* What you have to do: Retype the records that follow, every line exactly as written.

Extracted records
★ ★ ★ ★ ★ ★ ★

(* Let $\rho$ be a finitary type and $\mathsf H$ a class of $\rho$-algebras. Then $\mathrm{Mod}(\mathrm{Th}(\mathsf H^\top))=\mathrm{Mod}(\mathrm{Str}(\rho)\cup\mathrm{Th}(\mathsf H)^\bullet)$, where $\mathrm{Th}(\mathsf H)^\bullet=\{t^\bullet=u^\bullet: (t=u)\in\mathrm{Th}(\mathsf H)\}$.
   Context: $\rho$ is a finitary type; $\rho_\bullet$ has the same symbols, each of arity $\omega$. For $f:A^n\to A$, $f^\top(s)=f(s_0,\dots,s_{n-1})$; $\mathbf S^\top$ is the $\rho_\bullet$-algebra on $S$ with operations $(f^{\mathbf S})^\top$; $\mathsf H^\top=\{\mathbf S^\top:\mathbf S\in\mathsf H\}$. Let $V=\{e_0,e_1,\dots\}$. $\mathrm{Th}(\mathsf H)$ is the set of identities between $\rho$-terms over $V$ valid in all members of $\mathsf H$; $\rho_\bullet$-terms over $V$ are well-founded countably branching terms, and $\mathrm{Th}(\mathsf H^\top)$ is the set of identities between $\rho_\bullet$-terms over $V$ valid in all members of $\mathsf H^\top$; $\mathrm{Mod}(\Sigma)$ is the class of $\rho_\bullet$-algebras satisfying $\Sigma$. Define $(-)^\circ$ from $\rho_\bullet$-terms to $\rho$-terms by $e_i^\circ=e_i$, $f(t_0,t_1,\dots)^\circ=f(t_0^\circ,\dots,t_{n-1}^\circ)$ for $f$ of arity $n$ in $\rho$; and $(-)^\bullet$ from $\rho$-terms to $\rho_\bullet$-terms by $e_i^\bullet=e_i$, $f(t_0,\dots,t_{n-1})^\bullet=f(t_0^\bullet,\dots,t_{n-1}^\bullet,e_n,e_{n+1},\dots)$. $\mathrm{Str}(\rho)$ is the set of identities $t=(t^\circ)^\bullet$ for all $\rho_\bullet$-terms $t$. *)

From mathcomp Require Import all_boot.
Set Implicit Arguments. Unset Strict Implicit. Unset Printing Implicit Defensive.

Record ftype := FType { sym : Type; ar : sym -> nat }.

Section Defs.
Variable rho : ftype.

(* rho-terms over V = {e_0, e_1, ...} (variable e_i is [Var i]). *)
Inductive term : Type :=
| Var : nat -> term
| App : forall f : sym rho, ('I_(ar f) -> term) -> term.

(* rho_bullet-terms: same symbols, each of arity omega; well-founded,
   countably branching. *)
Inductive bterm : Type :=
| BVar : nat -> bterm
| BApp : sym rho -> (nat -> bterm) -> bterm.

Definition ops (A : Type) := forall f : sym rho, ('I_(ar f) -> A) -> A.
Definition bops (A : Type) := sym rho -> (nat -> A) -> A.

Fixpoint eval (A : Type) (opsA : ops A) (v : nat -> A) (t : term) : A :=
  match t with
  | Var i => v i
  | App f ts => opsA f (fun j => eval opsA v (ts j))
  end.

Fixpoint beval (A : Type) (opsA : bops A) (v : nat -> A) (t : bterm) : A :=
  match t with
  | BVar i => v i
  | BApp f ts => opsA f (fun k => beval opsA v (ts k))
  end.

Definition top (A : Type) (opsA : ops A) : bops A :=
  fun f s => opsA f (fun j : 'I_(ar f) => s (nat_of_ord j)).

Definition sat (A : Type) (opsA : ops A) (t u : term) : Prop :=
  forall v : nat -> A, eval opsA v t = eval opsA v u.
Definition bsat (A : Type) (opsA : bops A) (t u : bterm) : Prop :=
  forall v : nat -> A, beval opsA v t = beval opsA v u.

Definition aclass := forall A : Type, ops A -> Prop.

Definition Th (H : aclass) (t u : term) : Prop :=
  forall (A : Type) (opsA : ops A), H A opsA -> sat opsA t u.
Definition ThTop (H : aclass) (t u : bterm) : Prop :=
  forall (A : Type) (opsA : ops A), H A opsA -> bsat (top opsA) t u.

Fixpoint circ (t : bterm) : term :=
  match t with
  | BVar i => Var i
  | BApp f ts => App (fun j : 'I_(ar f) => circ (ts (nat_of_ord j)))
  end.

(* (-)^bullet : f(t_0,...,t_{n-1})^bullet = f(t_0^bullet,...,t_{n-1}^bullet, e_n, e_{n+1}, ...) *)
Fixpoint bullet (t : term) : bterm :=
  match t with
  | Var i => BVar i
  | App f ts => BApp f (fun k => match @insub nat (fun k => k < ar f) 'I_(ar f) k with
                                 | Some j => bullet (ts j)
                                 | None => BVar k
                                 end)
  end.

Definition ModThTop (H : aclass) (B : Type) (opsB : bops B) : Prop :=
  forall t u, ThTop H t u -> bsat opsB t u.

Definition ModStrTh (H : aclass) (B : Type) (opsB : bops B) : Prop :=
  (forall t : bterm, bsat opsB t (bullet (circ t))) /\
  (forall t u : term, Th H t u -> bsat opsB (bullet t) (bullet u)).

End Defs.

From mathcomp Require Import all_boot.
From Stdlib Require Import FunctionalExtensionality.

(* In an algebra S^top a rho_bullet-term t acts as the rho-term t^circ, and
   t^bullet acts as t. Hence Th(H^top) consists of the identities t = u with
   (t^circ = u^circ) in Th(H); it contains Str(rho) and Th(H)^bullet, and
   conversely Str(rho) rewrites any such t = u into (t^circ)^bullet =
   (u^circ)^bullet, an instance of Th(H)^bullet. *)

Section TopEvaluation.
Variables (rho : ftype) (A : Type) (opsA : ops rho A).

Lemma beval_top_circ (v : nat -> A) (t : bterm rho) :
  beval (top opsA) v t = eval opsA v (circ t).
Proof.
elim: t => [i|f ts IH] //=.
by rewrite /top; congr (opsA f); apply: functional_extensionality => j.
Qed.

(* The padding variables e_n, e_{n+1}, ... of t^bullet are never read by f^top. *)
Lemma beval_top_bullet (v : nat -> A) (t : term rho) :
  beval (top opsA) v (bullet t) = eval opsA v t.
Proof.
elim: t => [i|f ts IH] //=.
rewrite /top; congr (opsA f); apply: functional_extensionality => j.
by rewrite valK IH.
Qed.

End TopEvaluation.

Section TheoryOfTop.
Variables (rho : ftype) (H : aclass rho).

Lemma ThTopE (t u : bterm rho) : ThTop H t u <-> Th H (circ t) (circ u).
Proof.
split=> Htu A opsA HA v; last by rewrite !beval_top_circ; apply: Htu.
by rewrite -!beval_top_circ; apply: Htu.
Qed.

Lemma ThTop_str (t : bterm rho) : ThTop H t (bullet (circ t)).
Proof. by move=> A opsA _ v; rewrite beval_top_circ beval_top_bullet. Qed.

Lemma ThTop_bullet (t u : term rho) : Th H t u -> ThTop H (bullet t) (bullet u).
Proof. by move=> Htu A opsA HA v; rewrite !beval_top_bullet; apply: Htu. Qed.

End TheoryOfTop.

Theorem lemma7p6 (rho : ftype) (H : aclass rho) :
  forall (B : Type) (opsB : bops rho B),
    ModThTop H opsB <-> ModStrTh H opsB.
Proof.
move=> B opsB; split=> [Mod | [Str ThBullet] t u /ThTopE Htu v].
  split=> [t | t u /ThTop_bullet]; apply: Mod; exact: ThTop_str.
by rewrite (Str t v) (Str u v); apply: ThBullet.
Qed.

★ ★ ★ ★ ★ ★ ★

* Answer section:
(* Let $\rho$ be a finitary type and $\mathsf H$ a class of $\rho$-algebras. Then $\mathrm{Mod}(\mathrm{Th}(\mathsf H^\top))=\mathrm{Mod}(\mathrm{Str}(\rho)\cup\mathrm{Th}(\mathsf H)^\bullet)$, where $\mathrm{Th}(\mathsf H)^\bullet=\{t^\bullet=u^\bullet: (t=u)\in\mathrm{Th}(\mathsf H)\}$.
   Context: $\rho$ is a finitary type; $\rho_\bullet$ has the same symbols, each of arity $\omega$. For $f:A^n\to A$, $f^\top(s)=f(s_0,\dots,s_{n-1})$; $\mathbf S^\top$ is the $\rho_\bullet$-algebra on $S$ with operations $(f^{\mathbf S})^\top$; $\mathsf H^\top=\{\mathbf S^\top:\mathbf S\in\mathsf H\}$. Let $V=\{e_0,e_1,\dots\}$. $\mathrm{Th}(\mathsf H)$ is the set of identities between $\rho$-terms over $V$ valid in all members of $\mathsf H$; $\rho_\bullet$-terms over $V$ are well-founded countably branching terms, and $\mathrm{Th}(\mathsf H^\top)$ is the set of identities between $\rho_\bullet$-terms over $V$ valid in all members of $\mathsf H^\top$; $\mathrm{Mod}(\Sigma)$ is the class of $\rho_\bullet$-algebras satisfying $\Sigma$. Define $(-)^\circ$ from $\rho_\bullet$-terms to $\rho$-terms by $e_i^\circ=e_i$, $f(t_0,t_1,\dots)^\circ=f(t_0^\circ,\dots,t_{n-1}^\circ)$ for $f$ of arity $n$ in $\rho$; and $(-)^\bullet$ from $\rho$-terms to $\rho_\bullet$-terms by $e_i^\bullet=e_i$, $f(t_0,\dots,t_{n-1})^\bullet=f(t_0^\bullet,\dots,t_{n-1}^\bullet,e_n,e_{n+1},\dots)$. $\mathrm{Str}(\rho)$ is the set of identities $t=(t^\circ)^\bullet$ for all $\rho_\bullet$-terms $t$. *)

From mathcomp Require Import all_boot.
Set Implicit Arguments. Unset Strict Implicit. Unset Printing Implicit Defensive.

Record ftype := FType { sym : Type; ar : sym -> nat }.

Section Defs.
Variable rho : ftype.

(* rho-terms over V = {e_0, e_1, ...} (variable e_i is [Var i]). *)
Inductive term : Type :=
| Var : nat -> term
| App : forall f : sym rho, ('I_(ar f) -> term) -> term.

(* rho_bullet-terms: same symbols, each of arity omega; well-founded,
   countably branching. *)
Inductive bterm : Type :=
| BVar : nat -> bterm
| BApp : sym rho -> (nat -> bterm) -> bterm.

Definition ops (A : Type) := forall f : sym rho, ('I_(ar f) -> A) -> A.
Definition bops (A : Type) := sym rho -> (nat -> A) -> A.

Fixpoint eval (A : Type) (opsA : ops A) (v : nat -> A) (t : term) : A :=
  match t with
  | Var i => v i
  | App f ts => opsA f (fun j => eval opsA v (ts j))
  end.

Fixpoint beval (A : Type) (opsA : bops A) (v : nat -> A) (t : bterm) : A :=
  match t with
  | BVar i => v i
  | BApp f ts => opsA f (fun k => beval opsA v (ts k))
  end.

Definition top (A : Type) (opsA : ops A) : bops A :=
  fun f s => opsA f (fun j : 'I_(ar f) => s (nat_of_ord j)).

Definition sat (A : Type) (opsA : ops A) (t u : term) : Prop :=
  forall v : nat -> A, eval opsA v t = eval opsA v u.
Definition bsat (A : Type) (opsA : bops A) (t u : bterm) : Prop :=
  forall v : nat -> A, beval opsA v t = beval opsA v u.

Definition aclass := forall A : Type, ops A -> Prop.

Definition Th (H : aclass) (t u : term) : Prop :=
  forall (A : Type) (opsA : ops A), H A opsA -> sat opsA t u.
Definition ThTop (H : aclass) (t u : bterm) : Prop :=
  forall (A : Type) (opsA : ops A), H A opsA -> bsat (top opsA) t u.

Fixpoint circ (t : bterm) : term :=
  match t with
  | BVar i => Var i
  | BApp f ts => App (fun j : 'I_(ar f) => circ (ts (nat_of_ord j)))
  end.

(* (-)^bullet : f(t_0,...,t_{n-1})^bullet = f(t_0^bullet,...,t_{n-1}^bullet, e_n, e_{n+1}, ...) *)
Fixpoint bullet (t : term) : bterm :=
  match t with
  | Var i => BVar i
  | App f ts => BApp f (fun k => match @insub nat (fun k => k < ar f) 'I_(ar f) k with
                                 | Some j => bullet (ts j)
                                 | None => BVar k
                                 end)
  end.

Definition ModThTop (H : aclass) (B : Type) (opsB : bops B) : Prop :=
  forall t u, ThTop H t u -> bsat opsB t u.

Definition ModStrTh (H : aclass) (B : Type) (opsB : bops B) : Prop :=
  (forall t : bterm, bsat opsB t (bullet (circ t))) /\
  (forall t u : term, Th H t u -> bsat opsB (bullet t) (bullet u)).

End Defs.

From mathcomp Require Import all_boot.
From Stdlib Require Import FunctionalExtensionality.

(* In an algebra S^top a rho_bullet-term t acts as the rho-term t^circ, and
   t^bullet acts as t. Hence Th(H^top) consists of the identities t = u with
   (t^circ = u^circ) in Th(H); it contains Str(rho) and Th(H)^bullet, and
   conversely Str(rho) rewrites any such t = u into (t^circ)^bullet =
   (u^circ)^bullet, an instance of Th(H)^bullet. *)

Section TopEvaluation.
Variables (rho : ftype) (A : Type) (opsA : ops rho A).

Lemma beval_top_circ (v : nat -> A) (t : bterm rho) :
  beval (top opsA) v t = eval opsA v (circ t).
Proof.
elim: t => [i|f ts IH] //=.
by rewrite /top; congr (opsA f); apply: functional_extensionality => j.
Qed.

(* The padding variables e_n, e_{n+1}, ... of t^bullet are never read by f^top. *)
Lemma beval_top_bullet (v : nat -> A) (t : term rho) :
  beval (top opsA) v (bullet t) = eval opsA v t.
Proof.
elim: t => [i|f ts IH] //=.
rewrite /top; congr (opsA f); apply: functional_extensionality => j.
by rewrite valK IH.
Qed.

End TopEvaluation.

Section TheoryOfTop.
Variables (rho : ftype) (H : aclass rho).

Lemma ThTopE (t u : bterm rho) : ThTop H t u <-> Th H (circ t) (circ u).
Proof.
split=> Htu A opsA HA v; last by rewrite !beval_top_circ; apply: Htu.
by rewrite -!beval_top_circ; apply: Htu.
Qed.

Lemma ThTop_str (t : bterm rho) : ThTop H t (bullet (circ t)).
Proof. by move=> A opsA _ v; rewrite beval_top_circ beval_top_bullet. Qed.

Lemma ThTop_bullet (t u : term rho) : Th H t u -> ThTop H (bullet t) (bullet u).
Proof. by move=> Htu A opsA HA v; rewrite !beval_top_bullet; apply: Htu. Qed.

End TheoryOfTop.

Theorem lemma7p6 (rho : ftype) (H : aclass rho) :
  forall (B : Type) (opsB : bops rho B),
    ModThTop H opsB <-> ModStrTh H opsB.
Proof.
move=> B opsB; split=> [Mod | [Str ThBullet] t u /ThTopE Htu v].
  split=> [t | t u /ThTop_bullet]; apply: Mod; exact: ThTop_str.
by rewrite (Str t v) (Str u v); apply: ThBullet.
Qed.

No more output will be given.